Unnamed: 0,game_date,round,phase,phase_emoji,phase_peak_nyc,win_seed,win_market,lose_seed,lose_market
0,2015-04-04,4,Full Moon,🌕,2015-04-04T08:05:00,1,Wisconsin,1,Kentucky
1,2015-04-04,4,Full Moon,🌕,2015-04-04T08:05:00,1,Duke,7,Michigan State
2,1991-03-30,4,Full Moon,🌕,1991-03-30T02:17:00,3,Kansas,1,North Carolina
3,1991-03-30,4,Full Moon,🌕,1991-03-30T02:17:00,2,Duke,1,UNLV
4,1988-04-02,4,Full Moon,🌕,1988-04-02T04:21:00,6,Kansas,2,Duke


## Step 6

### It's only 6 games! It's easy to see, but let's run the query to only return the upsets.
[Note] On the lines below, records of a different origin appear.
(* Let $(S,* )$ be a finite indecomposable cycle set of size $n$ whose permutation group $\mathcal G$ is abelian. Then $n=|\mathcal G|$.
   Context: A cycle set is a set $S$ with a binary operation $*$ such that each $t\mapsto s*t$ is bijective and $(s*t)*(s*u)=(t*s)*(t*u)$ for all $s,t,u$. Write $S=\{s_1,\dots,s_n\}$, let $\psi(s)\in\mathfrak S_n$ satisfy $s_i*s_j=s_{\psi(s_i)(j)}$, and $\mathcal G=\langle\psi(s_1),\dots,\psi(s_n)\rangle\le\mathfrak S_n$. $S$ is decomposable if there is a partition $S=X\sqcup Y$ with $X,Y$ nonempty and $\psi(s)(X)\subseteq X$, $\psi(s)(Y)\subseteq Y$ for all $s\in S$; otherwise it is indecomposable. *)

From mathcomp Require Import all_boot all_order all_fingroup.
Set Implicit Arguments. Unset Strict Implicit. Unset Printing Implicit Defensive.
Import GroupScope.

Definition left_bij (S : finType) (op : S -> S -> S) : Prop :=
  forall s, injective (op s).

Definition cycle_set (S : finType) (op : S -> S -> S) : Prop :=
  left_bij op /\ forall s t u, op (op s t) (op s u) = op (op t s) (op t u).

Definition psi (S : finType) (op : S -> S -> S) (H : left_bij op) (s : S)
  : {perm S} := perm (H s).

Definition psi_group (S : finType) (op : S -> S -> S) (H : left_bij op)
  : {group {perm S}} := <<[set psi H s | s : S]>>%G.

Definition decomposable (S : finType) (op : S -> S -> S) : Prop :=
  exists X : {set S}, X != set0 /\ ~: X != set0 /\
    (forall s x, x \in X -> op s x \in X) /\
    (forall s y, y \in ~: X -> op s y \in ~: X).

Definition indecomposable (S : finType) (op : S -> S -> S) : Prop :=
  ~ decomposable op.

From mathcomp Require Import all_boot all_order all_fingroup.

(* Indecomposability says exactly that the group generated by the left
   translations acts transitively, since an orbit and its complement are
   invariant. A transitive abelian permutation group acts regularly: an element
   fixing one point commutes with elements moving that point anywhere, so it
   fixes every point. The orbit-stabilizer theorem then gives #|G| = #|S|. *)

Set Implicit Arguments.
Unset Strict Implicit.
Unset Printing Implicit Defensive.

Local Open Scope group_scope.

Section AbelianTransitive.

Variables (T : finType) (G : {group {perm T}}).
Hypotheses (cGG : abelian G) (trG : [transitive G, on [set: T] | 'P]).

Lemma abelian_transitive_astab1 x : 'C_G[x | 'P] = 1.
Proof.
apply/trivgP/subsetP => g /setIP[Gg /astab1P gx]; apply/set1P/permP => y.
have [a Ga ->] := atransP2 trG (in_setT x) (in_setT y).
have cga : commute g a := centsP cGG g Gg a Ga.
by rewrite perm1 -permM -cga permM [g x]gx.
Qed.

Lemma card_abelian_transitive : #|G| = #|T|.
Proof.
have /imsetP[x _ orbitT] := trG.
rewrite -(card_orbit_stab 'P G x) abelian_transitive_astab1 cards1 muln1.
by rewrite -orbitT cardsT.
Qed.

End AbelianTransitive.

Section PsiGroup.

Variables (S : finType) (op : S -> S -> S) (H : left_bij op).

Lemma psiE s t : psi H s t = op s t.
Proof. by rewrite permE. Qed.

Lemma mem_psi_group s : psi H s \in psi_group H.
Proof. by apply: mem_gen; apply: imset_f. Qed.

Lemma psi_group_orbit_op (s x z : S) :
  (op s z \in orbit 'P (psi_group H) x) = (z \in orbit 'P (psi_group H) x).
Proof. by rewrite -psiE -apermE orbit_actr ?mem_psi_group. Qed.

Lemma indecomposable_transitive (x : S) :
  indecomposable op -> [transitive psi_group H, on [set: S] | 'P].
Proof.
move=> indS; apply/imsetP; exists x; rewrite ?inE //.
apply/esym/setP => y; rewrite inE; apply/negPn/negP => yNorb; apply: indS.
exists (orbit 'P (psi_group H) x); split.
  by apply/set0Pn; exists x; apply: orbit_refl.
split; first by apply/set0Pn; exists y; rewrite inE.
by split=> s z; rewrite ?inE psi_group_orbit_op.
Qed.

End PsiGroup.

Theorem mainTheorem8 (S : finType) (op : S -> S -> S)
  (Hcs : cycle_set op) (Hne : 0 < #|S|) (Hind : indecomposable op) :
  abelian (psi_group (proj1 Hcs)) ->
  #|S| = #|psi_group (proj1 Hcs)|.
Proof.
move=> cGG; have /card_gt0P[x _] := Hne.
by rewrite card_abelian_transitive // (indecomposable_transitive _ x).
Qed.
Since we've organized the tournament_games dataset to show the seed of the winning team and the seed of the losing team, it's easy to find them: they're the games where the winning seed is a larger number than the losing seed.

In [10]:
upsets_full_moons_4_q = """
SELECT
  game_date,
  round,
  moon.phase,
  moon.phase_emoji,
  DATETIME(TIMESTAMP(peak_datetime),
    "America/New_York") phase_peak_nyc,
  win_seed,
  win_market,
  lose_seed,
  lose_market
FROM
  `bigquery-public-data.ncaa_basketball.mbb_historical_tournament_games` AS game
INNER JOIN
  `bigquery-public-data.moon_phases.moon_phases` AS moon
ON
  (DATETIME(TIMESTAMP(peak_datetime),
      "America/New_York") > DATETIME(game_date) AND  # <<<<< this line is the lower limit, restricting the results to just games where the phase peak occurs within 18 hours of the game start time.
    DATETIME(TIMESTAMP(peak_datetime),
      "America/New_York") < DATETIME_ADD(DATETIME(game_date),
      INTERVAL 42 HOUR))# <<<<< this line is the upper limit, restricting the results to just games where the phase peak occurs within 18 hours of the game end time.
WHERE
  moon.phase_emoji = "🌕"
  AND round = 4
  AND win_seed > lose_seed # <<<<<<<<<<<< this is the new line
ORDER BY
  game_date DESC
"""

upsets_full_moons_4 = gbq.read_gbq(query=upsets_full_moons_4_q, dialect ='standard', project_id=project_id)
upsets_full_moons_4.head()



Requesting query... ok.
Job ID: job_qsaJFzCRFPrUDebiLSmLBWcxDfJO
Query running...
Query done.
Processed: 608.7 KB
Standard price: $0.00 USD

Retrieving results...
Got 3 rows.

Total time taken 1.27 s.
Finished at 2018-03-16 08:07:03.


Unnamed: 0,game_date,round,phase,phase_emoji,phase_peak_nyc,win_seed,win_market,lose_seed,lose_market
0,1991-03-30,4,Full Moon,🌕,1991-03-30T02:17:00,3,Kansas,1,North Carolina
1,1991-03-30,4,Full Moon,🌕,1991-03-30T02:17:00,2,Duke,1,UNLV
2,1988-04-02,4,Full Moon,🌕,1988-04-02T04:21:00,6,Kansas,2,Duke


# There have been three upsets in the Final Four under a full moon since 1985, two of which both happened in 1991!